**Work task:** Copies of all lines containing the string "induction" are needed from the data below.
*** Input records Section Begins ***
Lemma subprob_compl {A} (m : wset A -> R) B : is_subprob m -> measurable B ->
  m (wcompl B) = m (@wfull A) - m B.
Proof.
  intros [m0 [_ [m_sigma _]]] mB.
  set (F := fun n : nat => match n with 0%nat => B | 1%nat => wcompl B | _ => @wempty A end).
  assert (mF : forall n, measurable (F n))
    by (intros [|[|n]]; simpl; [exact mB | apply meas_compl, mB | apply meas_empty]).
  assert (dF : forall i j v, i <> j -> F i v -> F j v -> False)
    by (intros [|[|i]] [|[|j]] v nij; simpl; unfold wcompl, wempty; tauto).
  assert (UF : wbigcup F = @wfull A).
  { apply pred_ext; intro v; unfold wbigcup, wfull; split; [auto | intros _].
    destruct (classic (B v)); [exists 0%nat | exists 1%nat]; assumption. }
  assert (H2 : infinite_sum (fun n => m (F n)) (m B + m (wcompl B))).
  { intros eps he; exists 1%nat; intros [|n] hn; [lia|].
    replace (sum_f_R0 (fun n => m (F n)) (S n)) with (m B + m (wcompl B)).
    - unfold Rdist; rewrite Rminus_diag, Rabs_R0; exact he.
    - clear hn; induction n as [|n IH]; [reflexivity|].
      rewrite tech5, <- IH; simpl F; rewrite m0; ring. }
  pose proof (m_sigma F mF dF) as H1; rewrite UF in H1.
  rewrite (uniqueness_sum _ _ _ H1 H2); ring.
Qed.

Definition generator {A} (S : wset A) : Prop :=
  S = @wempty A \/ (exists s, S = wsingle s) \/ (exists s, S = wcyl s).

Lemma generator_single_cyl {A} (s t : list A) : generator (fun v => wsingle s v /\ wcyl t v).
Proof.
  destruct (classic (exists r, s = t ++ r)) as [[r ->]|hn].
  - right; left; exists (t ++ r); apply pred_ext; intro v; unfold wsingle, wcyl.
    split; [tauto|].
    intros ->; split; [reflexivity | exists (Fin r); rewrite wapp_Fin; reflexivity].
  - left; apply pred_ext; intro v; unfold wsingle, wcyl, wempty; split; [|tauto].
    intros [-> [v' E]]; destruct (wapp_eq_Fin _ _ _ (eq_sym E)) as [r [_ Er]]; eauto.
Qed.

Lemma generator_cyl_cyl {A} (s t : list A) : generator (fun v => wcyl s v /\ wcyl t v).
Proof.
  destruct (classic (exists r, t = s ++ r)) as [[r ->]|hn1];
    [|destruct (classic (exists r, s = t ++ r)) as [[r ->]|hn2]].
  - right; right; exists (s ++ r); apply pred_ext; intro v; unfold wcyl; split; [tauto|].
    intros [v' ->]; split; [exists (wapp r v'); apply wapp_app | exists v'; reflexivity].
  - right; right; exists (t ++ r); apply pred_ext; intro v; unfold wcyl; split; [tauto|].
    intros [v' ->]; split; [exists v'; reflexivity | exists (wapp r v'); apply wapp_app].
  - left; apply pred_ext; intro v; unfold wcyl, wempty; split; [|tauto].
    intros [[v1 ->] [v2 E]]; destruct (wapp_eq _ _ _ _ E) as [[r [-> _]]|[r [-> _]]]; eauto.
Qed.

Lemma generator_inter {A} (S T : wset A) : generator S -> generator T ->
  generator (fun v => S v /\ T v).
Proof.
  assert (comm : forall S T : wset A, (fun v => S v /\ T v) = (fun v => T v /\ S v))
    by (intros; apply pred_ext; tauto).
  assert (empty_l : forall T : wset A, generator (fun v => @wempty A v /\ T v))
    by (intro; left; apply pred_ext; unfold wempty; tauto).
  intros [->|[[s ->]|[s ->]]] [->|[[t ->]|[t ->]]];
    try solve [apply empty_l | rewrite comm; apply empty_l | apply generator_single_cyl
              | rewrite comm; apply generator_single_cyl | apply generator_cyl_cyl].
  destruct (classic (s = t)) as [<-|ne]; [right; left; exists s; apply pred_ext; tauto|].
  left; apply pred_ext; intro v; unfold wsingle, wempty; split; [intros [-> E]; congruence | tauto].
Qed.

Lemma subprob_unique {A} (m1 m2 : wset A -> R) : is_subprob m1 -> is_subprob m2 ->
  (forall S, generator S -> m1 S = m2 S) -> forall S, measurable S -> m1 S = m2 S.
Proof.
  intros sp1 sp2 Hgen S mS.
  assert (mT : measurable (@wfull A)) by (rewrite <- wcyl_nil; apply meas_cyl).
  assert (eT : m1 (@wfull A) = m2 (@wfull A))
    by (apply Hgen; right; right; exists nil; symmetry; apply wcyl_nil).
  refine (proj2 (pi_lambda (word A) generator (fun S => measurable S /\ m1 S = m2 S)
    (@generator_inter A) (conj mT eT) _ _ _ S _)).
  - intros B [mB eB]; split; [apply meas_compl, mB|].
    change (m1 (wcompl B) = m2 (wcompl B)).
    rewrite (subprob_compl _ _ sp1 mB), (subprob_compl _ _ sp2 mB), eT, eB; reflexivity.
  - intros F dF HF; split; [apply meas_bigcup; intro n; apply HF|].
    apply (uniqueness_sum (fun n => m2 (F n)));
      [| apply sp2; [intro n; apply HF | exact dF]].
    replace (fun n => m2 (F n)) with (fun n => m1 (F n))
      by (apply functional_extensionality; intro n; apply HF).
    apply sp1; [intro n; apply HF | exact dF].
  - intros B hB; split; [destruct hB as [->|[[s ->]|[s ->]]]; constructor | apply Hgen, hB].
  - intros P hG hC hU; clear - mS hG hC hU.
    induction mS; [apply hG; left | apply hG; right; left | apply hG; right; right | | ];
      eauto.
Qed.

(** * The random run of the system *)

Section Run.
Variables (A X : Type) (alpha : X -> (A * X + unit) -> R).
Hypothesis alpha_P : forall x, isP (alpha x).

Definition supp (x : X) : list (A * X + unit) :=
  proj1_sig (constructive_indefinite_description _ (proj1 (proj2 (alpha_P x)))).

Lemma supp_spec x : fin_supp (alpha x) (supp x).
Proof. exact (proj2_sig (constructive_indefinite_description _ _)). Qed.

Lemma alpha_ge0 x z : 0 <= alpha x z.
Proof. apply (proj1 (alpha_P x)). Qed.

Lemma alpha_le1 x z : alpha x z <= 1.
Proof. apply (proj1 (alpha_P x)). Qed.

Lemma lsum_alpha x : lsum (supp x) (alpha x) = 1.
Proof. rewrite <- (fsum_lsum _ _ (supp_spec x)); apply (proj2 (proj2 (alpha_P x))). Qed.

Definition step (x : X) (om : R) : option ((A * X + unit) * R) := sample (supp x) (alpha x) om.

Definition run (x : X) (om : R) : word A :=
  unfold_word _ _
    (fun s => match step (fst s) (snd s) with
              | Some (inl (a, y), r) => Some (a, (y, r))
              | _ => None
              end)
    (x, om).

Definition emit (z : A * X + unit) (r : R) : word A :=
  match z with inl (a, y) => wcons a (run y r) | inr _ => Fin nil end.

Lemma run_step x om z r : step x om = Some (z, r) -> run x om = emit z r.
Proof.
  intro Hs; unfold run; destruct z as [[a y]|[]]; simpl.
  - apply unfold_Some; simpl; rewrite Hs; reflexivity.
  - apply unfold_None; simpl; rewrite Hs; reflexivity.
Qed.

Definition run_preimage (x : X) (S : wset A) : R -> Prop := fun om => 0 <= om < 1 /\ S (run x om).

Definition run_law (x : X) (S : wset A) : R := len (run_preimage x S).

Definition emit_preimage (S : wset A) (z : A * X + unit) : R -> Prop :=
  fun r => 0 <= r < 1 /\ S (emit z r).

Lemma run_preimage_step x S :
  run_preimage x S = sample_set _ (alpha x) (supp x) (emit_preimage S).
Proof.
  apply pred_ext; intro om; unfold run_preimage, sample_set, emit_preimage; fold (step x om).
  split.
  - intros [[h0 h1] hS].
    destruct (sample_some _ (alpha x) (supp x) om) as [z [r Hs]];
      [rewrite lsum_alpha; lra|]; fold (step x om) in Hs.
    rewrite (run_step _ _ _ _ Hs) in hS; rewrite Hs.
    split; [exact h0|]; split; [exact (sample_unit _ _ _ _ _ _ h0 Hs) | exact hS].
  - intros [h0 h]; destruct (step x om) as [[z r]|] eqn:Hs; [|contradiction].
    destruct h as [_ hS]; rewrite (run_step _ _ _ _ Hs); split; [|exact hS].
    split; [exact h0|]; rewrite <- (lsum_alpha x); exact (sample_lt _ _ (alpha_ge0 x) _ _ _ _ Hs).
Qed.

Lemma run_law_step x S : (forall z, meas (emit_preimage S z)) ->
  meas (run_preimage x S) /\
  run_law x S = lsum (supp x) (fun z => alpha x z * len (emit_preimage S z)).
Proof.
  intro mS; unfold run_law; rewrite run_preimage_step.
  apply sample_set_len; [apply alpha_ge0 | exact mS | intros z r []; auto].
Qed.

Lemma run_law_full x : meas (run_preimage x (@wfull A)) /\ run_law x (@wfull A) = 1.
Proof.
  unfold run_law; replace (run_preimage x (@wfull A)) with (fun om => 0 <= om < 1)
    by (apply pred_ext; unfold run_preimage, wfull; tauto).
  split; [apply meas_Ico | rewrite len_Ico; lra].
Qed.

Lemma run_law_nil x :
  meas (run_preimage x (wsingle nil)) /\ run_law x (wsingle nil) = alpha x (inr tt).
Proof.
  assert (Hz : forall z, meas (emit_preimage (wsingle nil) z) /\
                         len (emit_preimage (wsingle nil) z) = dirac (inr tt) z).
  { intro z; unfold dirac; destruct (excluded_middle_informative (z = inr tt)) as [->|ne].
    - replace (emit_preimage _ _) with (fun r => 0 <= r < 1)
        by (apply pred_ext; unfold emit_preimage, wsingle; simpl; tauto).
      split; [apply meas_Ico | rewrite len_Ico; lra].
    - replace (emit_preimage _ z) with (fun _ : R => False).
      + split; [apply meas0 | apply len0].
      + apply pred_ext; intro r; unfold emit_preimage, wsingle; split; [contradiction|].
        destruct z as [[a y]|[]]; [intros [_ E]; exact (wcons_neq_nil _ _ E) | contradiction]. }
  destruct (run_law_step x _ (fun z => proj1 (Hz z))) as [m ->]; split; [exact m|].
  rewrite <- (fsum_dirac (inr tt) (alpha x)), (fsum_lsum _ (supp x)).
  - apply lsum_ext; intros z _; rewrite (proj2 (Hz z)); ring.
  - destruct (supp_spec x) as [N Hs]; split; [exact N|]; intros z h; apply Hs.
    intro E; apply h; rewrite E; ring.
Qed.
*** Input records Section Ends ***
*** Input records Section Begins ***
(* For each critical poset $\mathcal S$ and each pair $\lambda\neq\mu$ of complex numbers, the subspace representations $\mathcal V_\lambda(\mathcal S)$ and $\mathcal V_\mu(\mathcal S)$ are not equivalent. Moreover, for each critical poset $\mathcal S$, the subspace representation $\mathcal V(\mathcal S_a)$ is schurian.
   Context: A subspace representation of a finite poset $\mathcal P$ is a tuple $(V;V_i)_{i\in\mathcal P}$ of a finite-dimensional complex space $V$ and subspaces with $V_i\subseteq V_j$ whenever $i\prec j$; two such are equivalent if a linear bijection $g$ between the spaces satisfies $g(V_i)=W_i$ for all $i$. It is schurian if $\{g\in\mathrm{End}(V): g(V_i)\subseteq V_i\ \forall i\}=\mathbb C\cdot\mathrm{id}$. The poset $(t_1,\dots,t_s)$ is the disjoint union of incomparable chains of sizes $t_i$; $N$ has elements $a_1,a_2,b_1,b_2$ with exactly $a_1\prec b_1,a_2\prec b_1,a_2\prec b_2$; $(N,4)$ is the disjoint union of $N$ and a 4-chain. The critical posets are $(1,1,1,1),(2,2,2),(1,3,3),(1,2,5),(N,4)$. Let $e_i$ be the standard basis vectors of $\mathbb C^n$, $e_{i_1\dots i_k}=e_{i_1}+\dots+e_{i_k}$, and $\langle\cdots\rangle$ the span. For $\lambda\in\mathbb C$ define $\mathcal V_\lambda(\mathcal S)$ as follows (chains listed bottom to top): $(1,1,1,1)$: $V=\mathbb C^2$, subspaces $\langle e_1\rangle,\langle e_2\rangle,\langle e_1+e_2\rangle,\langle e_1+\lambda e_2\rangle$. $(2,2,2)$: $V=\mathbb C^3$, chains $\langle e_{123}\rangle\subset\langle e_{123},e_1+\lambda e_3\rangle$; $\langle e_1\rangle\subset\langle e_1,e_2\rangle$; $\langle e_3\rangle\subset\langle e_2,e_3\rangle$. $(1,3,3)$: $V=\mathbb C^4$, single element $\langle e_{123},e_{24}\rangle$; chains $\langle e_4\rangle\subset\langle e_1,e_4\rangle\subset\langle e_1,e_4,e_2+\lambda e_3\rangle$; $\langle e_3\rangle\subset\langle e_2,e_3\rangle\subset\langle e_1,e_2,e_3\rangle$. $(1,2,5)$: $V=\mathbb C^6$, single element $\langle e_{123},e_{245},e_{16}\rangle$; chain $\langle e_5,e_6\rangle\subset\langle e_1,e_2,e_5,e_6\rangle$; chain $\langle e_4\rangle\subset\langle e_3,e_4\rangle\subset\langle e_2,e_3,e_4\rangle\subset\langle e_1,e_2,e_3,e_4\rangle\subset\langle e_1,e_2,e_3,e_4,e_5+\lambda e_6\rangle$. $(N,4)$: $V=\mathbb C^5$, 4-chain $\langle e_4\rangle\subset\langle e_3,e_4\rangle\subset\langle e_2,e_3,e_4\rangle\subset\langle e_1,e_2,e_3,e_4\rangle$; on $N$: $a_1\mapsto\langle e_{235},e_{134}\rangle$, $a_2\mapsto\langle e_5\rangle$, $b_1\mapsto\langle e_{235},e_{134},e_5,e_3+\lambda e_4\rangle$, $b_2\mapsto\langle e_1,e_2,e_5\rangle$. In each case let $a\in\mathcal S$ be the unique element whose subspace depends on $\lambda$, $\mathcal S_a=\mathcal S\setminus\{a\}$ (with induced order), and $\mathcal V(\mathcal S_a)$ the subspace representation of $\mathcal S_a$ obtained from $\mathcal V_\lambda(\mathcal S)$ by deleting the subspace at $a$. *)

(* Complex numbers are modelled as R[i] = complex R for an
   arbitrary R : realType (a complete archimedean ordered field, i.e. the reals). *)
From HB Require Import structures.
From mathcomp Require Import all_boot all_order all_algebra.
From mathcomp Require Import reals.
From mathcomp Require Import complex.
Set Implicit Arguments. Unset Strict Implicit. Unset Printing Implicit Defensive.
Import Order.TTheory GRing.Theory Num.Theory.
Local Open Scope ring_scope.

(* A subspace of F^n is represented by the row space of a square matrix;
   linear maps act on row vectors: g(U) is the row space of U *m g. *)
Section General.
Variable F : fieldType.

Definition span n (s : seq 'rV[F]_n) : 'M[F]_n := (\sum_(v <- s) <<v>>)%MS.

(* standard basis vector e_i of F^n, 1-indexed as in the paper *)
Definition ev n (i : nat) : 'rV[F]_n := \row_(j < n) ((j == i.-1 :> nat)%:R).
*** Input records Section Ends ***
**Finished task:**
    - clear hn; induction n as [|n IH]; [reflexivity|].
    induction mS; [apply hG; left | apply hG; right; left | apply hG; right; right | | ];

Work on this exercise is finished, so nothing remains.